Remember, some wants can masquerade as needs, especially when it comes to tech or convenience. The line can get blurry when gadgets or services provide perceived value that’s hard to let go of.
An important reminder: Even small, habitual spending on wants, such as a $6 coffee every day, can quickly add up. Over a month, that’s $180, which could have been spent elsewhere on more important financial priorities.
Budgeting for both your needs and wants
While managing your finances means ensuring your needs are covered, it’s equally important to balance both your needs and wants. This doesn’t mean eliminating wants entirely but being mindful of how much they impact your overall budget.
1. Create a list
Start by writing down all your monthly expenses. Use categories like rent, groceries, phone bills, subscriptions, shopping, dining out, etc. This will help you visualise where your money is going. You can use Google Sheets or apps like Seedly Budget Planner to organise everything.

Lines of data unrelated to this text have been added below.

Lemma face_inj (s : seq V) i j : adj_distinct s -> i < j -> j < size s ->
  face i s != face j s.
Proof.
case: s => [|x0 s'] // Had Hij Hj; apply/eqP => /(congr1 (nth x0 ^~ i)).
rewrite !nth_face ?ltnn ?Hij //; last exact: ltn_trans Hj.
move: Had => /(pathP x0) Had; apply/eqP; rewrite eq_sym.
by apply: Had; rewrite (leq_trans Hij) // -ltnS.
Qed.

Lemma face_comm (s : seq V) i j : i <= j -> j.+1 < size s ->
  face i (face j.+1 s) = face j (face i s).
Proof.
move=> Hij Hj.
have [x0 _] : {x0 : V | true} by case: s Hj => [|x0 ?] //; exists x0.
have Hsz1 : size (face j.+1 s) = (size s).-1 by rewrite size_face // ltnW.
have Hsz2 : size (face i s) = (size s).-1 by rewrite size_face //; lia.
apply: (eq_from_nth (x0 := x0)).
  by rewrite size_face ?Hsz1 ?size_face ?Hsz2 //; lia.
move=> n Hn.
rewrite nth_face ?Hsz1; last by lia.
rewrite nth_face; last by lia.
rewrite nth_face ?Hsz2; last by lia.
rewrite nth_face; last by lia.
by congr nth; case: (ltnP n i) => H1; case: (ltnP n j) => H2 /=;
  do ?case: ifP => ?; lia.
Qed.

(* [on_geodesic i s]: the interior vertex x_i of s lies on a geodesic between
   its two neighbours, i.e. the face map \partial_i does not vanish on s. *)
Definition on_geodesic (i : nat) (s : seq V) : bool :=
  (0 < i < (size s).-1) && (gl (face i s) == gl s).

Lemma on_geodesic_range i (s : seq V) : on_geodesic i s -> 0 < i < (size s).-1.
Proof. by case/andP. Qed.

Lemma on_geodesic1 (x y z : V) r :
  on_geodesic 1 (x :: y :: z :: r) = (d x z == d x y + d y z).
Proof. by rewrite /on_geodesic /= addnA eqn_add2r. Qed.

Lemma on_geodesic_cons i (x y : V) t : 0 < i ->
  on_geodesic i.+1 (x :: y :: t) = on_geodesic i (y :: t).
Proof. by case: i => // i _; rewrite /on_geodesic /= eqn_add2l. Qed.

Lemma face_adj i (s : seq V) : adj_distinct s -> on_geodesic i s ->
  adj_distinct (face i s).
Proof.
elim: s i => [|x [|y t] IH] i //; first by rewrite /on_geodesic ltn0 andbF.
rewrite adj_cons2 => /andP [Hxy Had].
case: i => [|[|i]] //.
  case: t Had {IH} => [|z t'] //; rewrite adj_cons2 on_geodesic1.
  move=> /andP [Hyz Had] /eqP Hd.
  rewrite [face 1 _]/= adj_cons2 Had andbT -gdist_eq0 Hd addn_eq0.
  by rewrite gdist_eq0 (negbTE Hxy).
rewrite on_geodesic_cons // face_cons adj_cons2 Hxy => /(IH _ Had).
by rewrite face_cons.
Qed.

It’s also a good idea to look at your past 3 months of bank or credit card statements to remind yourself of all your expenses. This can help jog your memory and give you a clearer picture of your spending habits.
2. Divide it up
Next, divide your expenses into needs and wants. Some items may fall into a grey area, like phone bills or having a second car. Consider the necessity and affordability—for instance, do you need that new phone every year, or can you wait another year before upgrading?
We recommend applying the "consequence test"—ask yourself: What happens if I cut this out? For example, if you cut your Spotify subscription, would you still be able to enjoy music?
3. Tally the numbers
Now, add up how much you’re spending on each category. Compare the total numbers with the 50/30/20 breakdown, where 50% should go to your needs, 30% should go to your wants, and 20% should go to savings or debt repayment.
So for example, if your spending on wants exceeds 30%, consider scaling back. This could mean switching from dine-in meals to hawker food or downgrading from Spotify Premium to the free version.
Managing both needs and wants in a balanced way isn’t just about cutting back—it’s about finding the right allocation to maintain a financially healthy lifestyle. By using the 50/30/20 rule and adjusting your habits, you’ll be well on your way to achieving both short-term comfort and long-term financial security.